§ Instructions for the task
Scan the records below and copy every line that contains the string "AngularMomentumStep".

==== Information given ====

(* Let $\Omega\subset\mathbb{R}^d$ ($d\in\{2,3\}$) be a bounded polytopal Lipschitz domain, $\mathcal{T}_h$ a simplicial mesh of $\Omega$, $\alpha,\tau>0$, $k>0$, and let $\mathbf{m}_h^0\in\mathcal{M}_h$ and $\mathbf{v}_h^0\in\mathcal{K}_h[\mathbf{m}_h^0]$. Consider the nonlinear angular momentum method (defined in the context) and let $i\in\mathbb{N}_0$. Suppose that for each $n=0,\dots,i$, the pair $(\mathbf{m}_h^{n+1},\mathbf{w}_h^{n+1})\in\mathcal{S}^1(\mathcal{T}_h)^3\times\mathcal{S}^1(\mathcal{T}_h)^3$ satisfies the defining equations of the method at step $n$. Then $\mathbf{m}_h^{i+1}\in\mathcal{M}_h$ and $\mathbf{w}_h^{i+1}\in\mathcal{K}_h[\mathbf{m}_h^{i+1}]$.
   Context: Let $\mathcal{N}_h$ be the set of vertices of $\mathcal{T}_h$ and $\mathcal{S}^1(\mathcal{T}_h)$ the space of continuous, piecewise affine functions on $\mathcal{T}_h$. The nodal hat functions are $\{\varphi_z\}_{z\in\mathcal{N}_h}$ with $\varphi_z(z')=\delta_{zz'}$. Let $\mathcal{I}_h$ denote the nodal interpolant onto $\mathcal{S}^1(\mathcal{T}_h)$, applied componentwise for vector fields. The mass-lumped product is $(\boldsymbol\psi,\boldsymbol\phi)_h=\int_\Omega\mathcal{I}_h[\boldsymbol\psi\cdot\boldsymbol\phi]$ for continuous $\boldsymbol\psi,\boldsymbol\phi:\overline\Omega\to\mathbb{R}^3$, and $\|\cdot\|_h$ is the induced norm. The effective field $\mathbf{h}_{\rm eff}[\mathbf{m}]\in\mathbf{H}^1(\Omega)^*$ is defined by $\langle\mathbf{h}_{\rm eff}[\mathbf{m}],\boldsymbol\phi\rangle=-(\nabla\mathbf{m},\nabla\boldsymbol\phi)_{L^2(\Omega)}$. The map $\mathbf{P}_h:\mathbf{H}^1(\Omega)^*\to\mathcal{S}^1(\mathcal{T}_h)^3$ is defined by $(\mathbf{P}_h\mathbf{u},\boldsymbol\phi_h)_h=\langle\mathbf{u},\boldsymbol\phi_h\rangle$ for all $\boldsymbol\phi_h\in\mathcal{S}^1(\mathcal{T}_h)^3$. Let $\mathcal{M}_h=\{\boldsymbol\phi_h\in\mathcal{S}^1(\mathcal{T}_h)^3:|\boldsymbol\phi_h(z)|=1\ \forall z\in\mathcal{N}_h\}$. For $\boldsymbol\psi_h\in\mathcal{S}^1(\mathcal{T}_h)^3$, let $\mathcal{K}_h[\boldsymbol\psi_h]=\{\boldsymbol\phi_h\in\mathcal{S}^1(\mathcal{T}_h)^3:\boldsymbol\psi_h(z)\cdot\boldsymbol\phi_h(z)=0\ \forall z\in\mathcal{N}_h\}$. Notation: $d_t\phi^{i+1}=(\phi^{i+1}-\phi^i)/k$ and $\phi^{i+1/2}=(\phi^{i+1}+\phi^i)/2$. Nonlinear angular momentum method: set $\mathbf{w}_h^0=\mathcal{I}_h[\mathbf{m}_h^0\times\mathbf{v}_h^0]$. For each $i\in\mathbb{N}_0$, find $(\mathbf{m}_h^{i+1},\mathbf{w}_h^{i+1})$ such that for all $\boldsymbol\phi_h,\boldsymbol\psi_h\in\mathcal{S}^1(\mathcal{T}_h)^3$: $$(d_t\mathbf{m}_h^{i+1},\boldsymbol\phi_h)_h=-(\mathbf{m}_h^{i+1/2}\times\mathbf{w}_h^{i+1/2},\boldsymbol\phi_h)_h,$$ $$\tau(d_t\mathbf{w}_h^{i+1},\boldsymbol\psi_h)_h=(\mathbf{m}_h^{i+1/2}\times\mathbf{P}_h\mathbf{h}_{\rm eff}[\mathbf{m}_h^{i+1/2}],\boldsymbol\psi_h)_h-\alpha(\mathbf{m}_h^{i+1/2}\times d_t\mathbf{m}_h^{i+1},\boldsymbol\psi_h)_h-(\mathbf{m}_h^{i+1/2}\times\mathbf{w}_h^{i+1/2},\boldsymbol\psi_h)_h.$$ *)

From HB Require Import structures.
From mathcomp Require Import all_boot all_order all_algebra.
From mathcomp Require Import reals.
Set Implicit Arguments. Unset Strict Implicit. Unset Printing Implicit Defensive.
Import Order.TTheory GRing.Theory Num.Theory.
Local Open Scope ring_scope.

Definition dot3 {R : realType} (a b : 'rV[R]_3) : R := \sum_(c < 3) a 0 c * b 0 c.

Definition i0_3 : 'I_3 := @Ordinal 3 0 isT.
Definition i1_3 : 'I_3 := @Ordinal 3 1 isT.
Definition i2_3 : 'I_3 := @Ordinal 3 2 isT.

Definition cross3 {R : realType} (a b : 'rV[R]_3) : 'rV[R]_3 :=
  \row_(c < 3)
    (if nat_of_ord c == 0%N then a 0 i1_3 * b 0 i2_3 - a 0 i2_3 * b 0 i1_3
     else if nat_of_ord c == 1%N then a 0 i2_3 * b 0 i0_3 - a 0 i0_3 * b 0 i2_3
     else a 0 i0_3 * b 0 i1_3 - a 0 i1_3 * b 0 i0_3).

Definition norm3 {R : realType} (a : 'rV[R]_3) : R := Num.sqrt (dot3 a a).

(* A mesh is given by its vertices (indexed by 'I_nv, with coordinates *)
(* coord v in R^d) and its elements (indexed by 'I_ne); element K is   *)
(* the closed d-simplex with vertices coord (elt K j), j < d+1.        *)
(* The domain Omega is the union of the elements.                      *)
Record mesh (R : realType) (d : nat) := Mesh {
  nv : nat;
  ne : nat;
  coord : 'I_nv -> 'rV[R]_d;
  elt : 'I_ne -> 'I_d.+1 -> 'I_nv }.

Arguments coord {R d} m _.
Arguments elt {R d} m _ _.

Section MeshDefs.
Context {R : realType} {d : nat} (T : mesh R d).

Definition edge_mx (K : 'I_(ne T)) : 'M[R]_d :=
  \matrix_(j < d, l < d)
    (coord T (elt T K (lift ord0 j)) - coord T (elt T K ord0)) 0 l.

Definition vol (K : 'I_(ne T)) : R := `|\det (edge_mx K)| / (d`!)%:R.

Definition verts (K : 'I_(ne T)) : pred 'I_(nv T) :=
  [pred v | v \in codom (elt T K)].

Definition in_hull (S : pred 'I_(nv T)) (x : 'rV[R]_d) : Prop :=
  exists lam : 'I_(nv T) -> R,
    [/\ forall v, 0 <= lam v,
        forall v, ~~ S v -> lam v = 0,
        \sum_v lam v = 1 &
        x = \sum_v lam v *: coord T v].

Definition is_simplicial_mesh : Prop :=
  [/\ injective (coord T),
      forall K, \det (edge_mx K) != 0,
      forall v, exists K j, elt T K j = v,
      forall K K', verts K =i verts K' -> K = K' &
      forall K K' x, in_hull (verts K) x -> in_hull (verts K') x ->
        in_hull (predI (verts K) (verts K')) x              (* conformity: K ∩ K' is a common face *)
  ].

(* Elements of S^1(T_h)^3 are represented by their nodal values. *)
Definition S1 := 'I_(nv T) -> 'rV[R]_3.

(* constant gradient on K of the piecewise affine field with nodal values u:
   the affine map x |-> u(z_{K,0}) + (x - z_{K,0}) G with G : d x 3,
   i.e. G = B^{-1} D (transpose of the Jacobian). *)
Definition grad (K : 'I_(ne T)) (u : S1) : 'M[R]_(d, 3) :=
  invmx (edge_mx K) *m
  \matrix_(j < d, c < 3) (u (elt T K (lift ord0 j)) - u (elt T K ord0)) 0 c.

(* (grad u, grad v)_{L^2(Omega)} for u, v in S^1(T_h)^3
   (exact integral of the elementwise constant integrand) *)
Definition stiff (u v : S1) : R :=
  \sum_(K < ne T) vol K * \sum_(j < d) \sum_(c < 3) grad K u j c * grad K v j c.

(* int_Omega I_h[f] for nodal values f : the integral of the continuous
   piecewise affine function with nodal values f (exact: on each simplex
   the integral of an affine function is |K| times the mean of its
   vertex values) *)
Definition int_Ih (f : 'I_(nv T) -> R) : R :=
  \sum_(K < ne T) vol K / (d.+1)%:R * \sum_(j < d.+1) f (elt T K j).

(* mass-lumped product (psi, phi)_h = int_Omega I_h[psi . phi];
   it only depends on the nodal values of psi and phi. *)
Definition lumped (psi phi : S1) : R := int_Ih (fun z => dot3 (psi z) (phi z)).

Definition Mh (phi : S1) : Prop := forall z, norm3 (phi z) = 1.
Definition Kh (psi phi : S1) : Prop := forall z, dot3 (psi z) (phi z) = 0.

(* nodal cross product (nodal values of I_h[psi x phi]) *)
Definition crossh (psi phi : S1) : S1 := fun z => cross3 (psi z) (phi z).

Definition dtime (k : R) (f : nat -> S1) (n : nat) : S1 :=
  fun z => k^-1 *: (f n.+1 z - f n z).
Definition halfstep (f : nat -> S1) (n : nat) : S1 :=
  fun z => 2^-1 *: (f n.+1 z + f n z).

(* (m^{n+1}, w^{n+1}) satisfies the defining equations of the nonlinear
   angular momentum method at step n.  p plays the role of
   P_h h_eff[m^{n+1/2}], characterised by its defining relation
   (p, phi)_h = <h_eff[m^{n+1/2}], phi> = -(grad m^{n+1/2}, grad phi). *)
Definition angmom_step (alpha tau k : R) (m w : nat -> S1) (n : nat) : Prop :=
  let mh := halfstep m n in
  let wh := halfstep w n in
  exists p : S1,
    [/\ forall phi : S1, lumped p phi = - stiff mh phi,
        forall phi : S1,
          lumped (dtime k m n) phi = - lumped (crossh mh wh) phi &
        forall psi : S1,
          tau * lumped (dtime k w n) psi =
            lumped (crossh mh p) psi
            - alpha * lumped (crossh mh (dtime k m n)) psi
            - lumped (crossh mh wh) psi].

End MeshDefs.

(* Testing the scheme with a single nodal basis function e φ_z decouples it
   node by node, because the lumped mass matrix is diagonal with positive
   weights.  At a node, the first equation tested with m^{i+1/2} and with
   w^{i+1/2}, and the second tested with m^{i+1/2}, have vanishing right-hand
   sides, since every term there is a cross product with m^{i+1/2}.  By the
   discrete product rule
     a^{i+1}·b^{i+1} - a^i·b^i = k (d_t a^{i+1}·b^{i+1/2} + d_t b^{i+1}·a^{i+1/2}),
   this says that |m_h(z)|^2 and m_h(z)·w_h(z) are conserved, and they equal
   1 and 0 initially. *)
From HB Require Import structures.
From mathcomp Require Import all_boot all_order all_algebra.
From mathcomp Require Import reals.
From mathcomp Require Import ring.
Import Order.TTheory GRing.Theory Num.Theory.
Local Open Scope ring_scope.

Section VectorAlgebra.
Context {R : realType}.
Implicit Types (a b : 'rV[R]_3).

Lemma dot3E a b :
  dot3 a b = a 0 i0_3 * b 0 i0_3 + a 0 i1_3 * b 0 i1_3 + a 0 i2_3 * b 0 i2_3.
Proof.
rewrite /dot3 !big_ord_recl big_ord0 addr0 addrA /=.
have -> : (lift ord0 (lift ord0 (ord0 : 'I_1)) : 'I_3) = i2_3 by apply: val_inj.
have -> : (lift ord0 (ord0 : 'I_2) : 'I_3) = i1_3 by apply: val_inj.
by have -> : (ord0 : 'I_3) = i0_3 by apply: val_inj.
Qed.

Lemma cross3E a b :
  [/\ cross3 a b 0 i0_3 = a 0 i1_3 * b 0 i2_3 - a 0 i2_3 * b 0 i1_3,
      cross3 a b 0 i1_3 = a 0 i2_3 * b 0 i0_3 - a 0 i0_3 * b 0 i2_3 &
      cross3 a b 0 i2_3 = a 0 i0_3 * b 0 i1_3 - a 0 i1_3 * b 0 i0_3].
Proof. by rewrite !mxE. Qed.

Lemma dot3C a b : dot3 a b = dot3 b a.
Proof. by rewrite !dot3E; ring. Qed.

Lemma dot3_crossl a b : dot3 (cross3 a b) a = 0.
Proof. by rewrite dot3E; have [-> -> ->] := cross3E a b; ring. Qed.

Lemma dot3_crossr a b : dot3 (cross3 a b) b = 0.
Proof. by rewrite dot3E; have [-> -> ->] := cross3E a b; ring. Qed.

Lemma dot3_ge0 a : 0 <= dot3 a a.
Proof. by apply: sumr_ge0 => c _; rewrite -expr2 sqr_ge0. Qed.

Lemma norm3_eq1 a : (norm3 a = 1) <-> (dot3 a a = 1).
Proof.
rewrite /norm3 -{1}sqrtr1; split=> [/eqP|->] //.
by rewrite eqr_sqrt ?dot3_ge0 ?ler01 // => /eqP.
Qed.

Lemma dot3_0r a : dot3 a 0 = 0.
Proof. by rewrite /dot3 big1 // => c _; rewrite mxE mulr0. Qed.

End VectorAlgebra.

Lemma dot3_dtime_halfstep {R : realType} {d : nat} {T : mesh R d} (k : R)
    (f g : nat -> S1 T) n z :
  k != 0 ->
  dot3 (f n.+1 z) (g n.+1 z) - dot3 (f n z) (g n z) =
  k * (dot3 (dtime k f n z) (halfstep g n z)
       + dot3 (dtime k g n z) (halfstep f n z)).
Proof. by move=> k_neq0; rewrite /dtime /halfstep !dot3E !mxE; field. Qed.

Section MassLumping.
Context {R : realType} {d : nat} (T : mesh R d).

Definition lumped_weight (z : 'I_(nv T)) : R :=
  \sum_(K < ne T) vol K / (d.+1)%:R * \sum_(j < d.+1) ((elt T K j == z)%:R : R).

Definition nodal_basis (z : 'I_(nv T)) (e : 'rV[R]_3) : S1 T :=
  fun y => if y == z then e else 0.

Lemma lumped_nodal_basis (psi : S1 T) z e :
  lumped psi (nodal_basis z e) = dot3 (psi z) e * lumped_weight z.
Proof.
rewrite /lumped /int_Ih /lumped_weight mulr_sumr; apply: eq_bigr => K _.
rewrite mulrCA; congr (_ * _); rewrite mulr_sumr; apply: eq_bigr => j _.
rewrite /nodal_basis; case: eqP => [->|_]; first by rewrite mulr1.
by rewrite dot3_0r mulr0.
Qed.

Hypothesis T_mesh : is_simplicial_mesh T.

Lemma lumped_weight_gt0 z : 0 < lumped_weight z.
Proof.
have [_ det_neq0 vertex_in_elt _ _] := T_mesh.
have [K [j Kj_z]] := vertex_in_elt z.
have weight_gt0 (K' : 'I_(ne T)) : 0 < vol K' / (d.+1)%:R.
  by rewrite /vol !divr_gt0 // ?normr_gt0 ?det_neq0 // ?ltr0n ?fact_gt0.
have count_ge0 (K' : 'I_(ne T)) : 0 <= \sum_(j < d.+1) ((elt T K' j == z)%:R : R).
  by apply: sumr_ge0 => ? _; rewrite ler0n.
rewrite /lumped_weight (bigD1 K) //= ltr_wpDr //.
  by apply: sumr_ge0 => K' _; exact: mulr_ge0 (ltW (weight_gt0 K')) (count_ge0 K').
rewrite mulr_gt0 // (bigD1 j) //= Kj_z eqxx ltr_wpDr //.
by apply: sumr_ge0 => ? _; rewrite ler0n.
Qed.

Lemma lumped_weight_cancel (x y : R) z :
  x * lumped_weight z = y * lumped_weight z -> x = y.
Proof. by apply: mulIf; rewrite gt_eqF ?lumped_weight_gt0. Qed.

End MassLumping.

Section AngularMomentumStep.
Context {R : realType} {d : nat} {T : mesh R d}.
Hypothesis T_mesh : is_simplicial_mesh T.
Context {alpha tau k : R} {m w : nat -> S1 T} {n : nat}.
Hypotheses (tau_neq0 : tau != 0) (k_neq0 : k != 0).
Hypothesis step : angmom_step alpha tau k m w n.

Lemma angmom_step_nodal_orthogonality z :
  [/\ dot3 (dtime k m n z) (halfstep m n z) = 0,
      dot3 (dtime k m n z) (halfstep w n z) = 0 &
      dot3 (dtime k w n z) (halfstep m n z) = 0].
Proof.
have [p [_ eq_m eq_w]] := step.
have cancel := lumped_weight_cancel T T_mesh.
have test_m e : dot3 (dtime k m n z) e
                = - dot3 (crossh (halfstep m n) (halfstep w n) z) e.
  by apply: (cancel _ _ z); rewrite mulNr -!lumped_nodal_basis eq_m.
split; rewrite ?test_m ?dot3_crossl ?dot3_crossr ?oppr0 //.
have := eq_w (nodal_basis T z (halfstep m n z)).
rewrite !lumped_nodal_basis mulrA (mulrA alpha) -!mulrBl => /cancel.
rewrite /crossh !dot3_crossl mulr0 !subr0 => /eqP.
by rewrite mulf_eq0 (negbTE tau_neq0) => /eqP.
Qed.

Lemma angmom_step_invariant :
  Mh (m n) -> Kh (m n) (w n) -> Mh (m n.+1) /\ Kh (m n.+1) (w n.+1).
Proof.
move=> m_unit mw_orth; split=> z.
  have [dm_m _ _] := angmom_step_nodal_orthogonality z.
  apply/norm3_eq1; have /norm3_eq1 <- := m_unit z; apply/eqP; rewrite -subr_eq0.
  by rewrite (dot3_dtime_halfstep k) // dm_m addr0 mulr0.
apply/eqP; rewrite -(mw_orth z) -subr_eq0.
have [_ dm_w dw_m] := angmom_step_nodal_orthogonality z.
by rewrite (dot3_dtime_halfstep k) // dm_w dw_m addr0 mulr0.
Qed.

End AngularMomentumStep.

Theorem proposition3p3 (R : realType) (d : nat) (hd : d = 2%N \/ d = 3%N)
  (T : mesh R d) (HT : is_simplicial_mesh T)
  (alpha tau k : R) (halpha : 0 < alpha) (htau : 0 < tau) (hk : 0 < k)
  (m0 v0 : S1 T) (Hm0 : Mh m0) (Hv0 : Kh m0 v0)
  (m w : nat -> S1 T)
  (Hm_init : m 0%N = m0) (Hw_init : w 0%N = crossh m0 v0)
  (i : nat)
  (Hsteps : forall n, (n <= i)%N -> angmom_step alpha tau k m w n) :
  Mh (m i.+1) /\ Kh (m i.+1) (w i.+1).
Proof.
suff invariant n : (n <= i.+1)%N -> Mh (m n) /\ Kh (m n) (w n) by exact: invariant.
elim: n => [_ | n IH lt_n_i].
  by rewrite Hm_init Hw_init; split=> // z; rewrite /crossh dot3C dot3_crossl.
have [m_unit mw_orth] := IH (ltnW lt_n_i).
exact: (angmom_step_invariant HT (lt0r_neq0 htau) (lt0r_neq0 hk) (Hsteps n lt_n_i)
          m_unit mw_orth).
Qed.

====

§ Answer to this exercise
Section AngularMomentumStep.
End AngularMomentumStep.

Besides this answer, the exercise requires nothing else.